Today, these mainly business organizations provide us with compelling services that we love to use. In the process, they collect a lot of data about us, and store them in their mostly secure databases. They use these data primarily driven by the potential of commercial gains. But the data are closed, not accessible to the public - we imprison our data in those silos that only a selected few have access to, because we are afraid of privacy loss. And because of this fear, we don’t let the data work for us.
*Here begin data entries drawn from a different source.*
Theorem lemma4p7 (R : realType) (n : nat)
  (Omega : set 'rV[R]_n) (f : 'rV[R]_n -> R) (h : 'rV[R]_n -> \bar R)
  (Aprev a A lam tau gam : R) (yprev xprev xt yk xk : 'rV[R]_n) :
  closed Omega -> convex_set_ Omega ->
  C1 f ->
  proper_fun h -> lower_semicontinuous h -> convex_fun h ->
  closed (dom h) -> ebounded (dom h) -> dom h `<=` Omega ->
  0 < Aprev ->
  a = (1 + Num.sqrt (1 + 4 * Aprev)) / 2 ->
  A = Aprev + a ->
  dom h yprev -> Omega xprev ->
  xt = (Aprev / A) *: yprev + (a / A) *: xprev ->
  0 < lam -> 0 <= tau -> 0 < gam < 1 ->
  (* y_k is the minimizer over R^n *)
  (forall u : 'rV[R]_n,
     ((lin f yk xt)%:E + h yk + ((1 + tau) / (2 * lam) * enorm (yk - xt) ^+ 2)%:E
      <= (lin f u xt)%:E + h u + ((1 + tau) / (2 * lam) * enorm (u - xt) ^+ 2)%:E)%E) ->
  (yk = xt \/
   (2 * (f yk - lin f yk xt) / enorm (yk - xt) ^+ 2) * lam <= gam) ->
  let gtilde := fun u : 'rV[R]_n =>
    ((lin f u xt)%:E + h u + (tau / (2 * lam) * enorm (u - xt) ^+ 2)%:E)%E in
  let gk := fun u : 'rV[R]_n =>
    (gtilde yk + (lam^-1 * dotp (xt - yk) (u - yk)
                  + tau / (2 * lam) * enorm (u - yk) ^+ 2)%:E)%E in
  (* x_k is the (unique) minimizer over Omega *)
  Omega xk ->
  (forall u, Omega u ->
     (a%:E * gk xk + ((2 * lam)^-1 * enorm (xk - xprev) ^+ 2)%:E
      <= a%:E * gk u + ((2 * lam)^-1 * enorm (u - xprev) ^+ 2)%:E)%E) ->
  forall u, Omega u ->
    ((lam * A)%:E * ((f yk)%:E + h yk)
     + ((tau * a + 1) / 2 * enorm (u - xk) ^+ 2)%:E
     + ((1 - gam) * A / 2 * enorm (yk - xt) ^+ 2)%:E
     <= (lam * Aprev)%:E * gk yprev + (lam * a)%:E * gk u
        + (2^-1 * enorm (u - xprev) ^+ 2)%:E)%E.
Proof.
move=> _ cvO _ [h_nm _] _ _ _ _ _ Ap0 ea eA _ _ ext lam0 tau0 _ _ curv
  gtilde gk Oxk xk_min u Ou.
have [a0 a2] := momentum_coef_sqr Ap0 ea; rewrite -eA in a2.
have A0 : 0 < A by rewrite -a2 exprn_gt0.
case eh: (h yk) => [H| |]; last by have := h_nm yk; rewrite eh.
  (* the model is lam^-1 times a real quadratic Q; clear lam everywhere *)
  pose Q := quad (lam * (lin f yk xt + H) + tau / 2 * sqn (yk - xt)) tau (xt - yk) yk.
  have gkE v : gk v = (lam^-1 * Q v)%:E.
    rewrite /gk /gtilde eh /Q /quad !enorm_sqr -!EFinD; congr EFin.
    by field; rewrite gt_eqF.
  have unscale v : lam * (a * (lam^-1 * Q v) + (2 * lam)^-1 * sqn (v - xprev))
                   = a * Q v + 2^-1 * sqn (v - xprev).
    by field; rewrite gt_eqF.
  have Qmin v : Omega v ->
      a * Q xk + 2^-1 * sqn (xk - xprev) <= a * Q v + 2^-1 * sqn (v - xprev).
    move=> Ov; have := xk_min v Ov.
    by rewrite !gkE -!EFinM -!EFinD lee_fin !enorm_sqr -!unscale ler_pM2l.
  have bound := aggregate_bound cvO Oxk Ou tau0 (ltW Ap0) a0 a2 eA ext Qmin.
  rewrite -/Q in bound.
  have descent := ler_wpM2l (ltW A0) (curvature_descent curv).
  rewrite !gkE -!EFinM -!EFinD lee_fin !enorm_sqr.
  have cancel c X : lam * c * (lam^-1 * X) = c * X by field; rewrite gt_eqF.
  rewrite !cancel.
  by have := mulr_ge0 (ltW A0) (mulr_ge0 tau0 (dotp_ge0 (yk - xt))); lra.
(* if h(y_k) = +oo the model is +oo everywhere and the right-hand side is +oo *)
have gk_oo v : gk v = +oo%E by rewrite /gk /gtilde eh addey // addye.
by rewrite !gk_oo !gt0_muley ?lte_fin ?mulr_gt0 // !addye // leey.
Qed.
Remember Google Flu Trends that I mentioned a few minutes ago? Last year, Google shut it down. Why? We can only speculate. But what this reminds us of is that those who have the data with which they can build these fantastic services... can also shut them down. And when it comes to our health, to our wealth, to our public infrastructure, we should be really careful to think deeply about who owns the data. I applaud Google for what they have done with Google Flu Trends. I am a happy consumer of many Google services that I love to use. But it is our responsibility to ensure that we don’t start to depend too strongly on systems that can be shut down any day without warning, because of a business decision that's been made thousands of miles away.
So, how we can strike the right balance between protecting individual privacy and unleashing big data for the good of the public? I think the solution lies in giving each of us a right to a copy of our data. We can then take a copy of our data, and either choose to retain complete privacy - or we can choose to donate parts of these data to others, to research projects, or into the public domain to pursue a public good, with the reassurance that these data will not be used by insurance companies, banks and employers to discriminate against us.
Implementing this vision is not going to be easy, but it is possible. It has to be possible. Why? Two reasons (at least). First, our data is already digital, stored in machines somewhere and hence eminently hackable. We should have regulations in place to manage the risks of the inevitable data breaches. Second, we are now running full speed into a 2nd machine age where machines will not only be much stronger than us - as they have been in the past decades - but also much, much smarter than us. We need to continue to ensure that the machines work in our common interest. It’s not smart machines and artificial intelligence we should be concerned about - they are smart and intelligent because of the data. Our concern should be about closed data. We won’t be able to leverage the phenomenal power of smart, learning, machines for the public good if all the data is locked away.
Open data is not what we should be afraid of - it's what we should embrace. It’s our best guarantee that we remain in control of the algorithms that will rule our digital world in the future.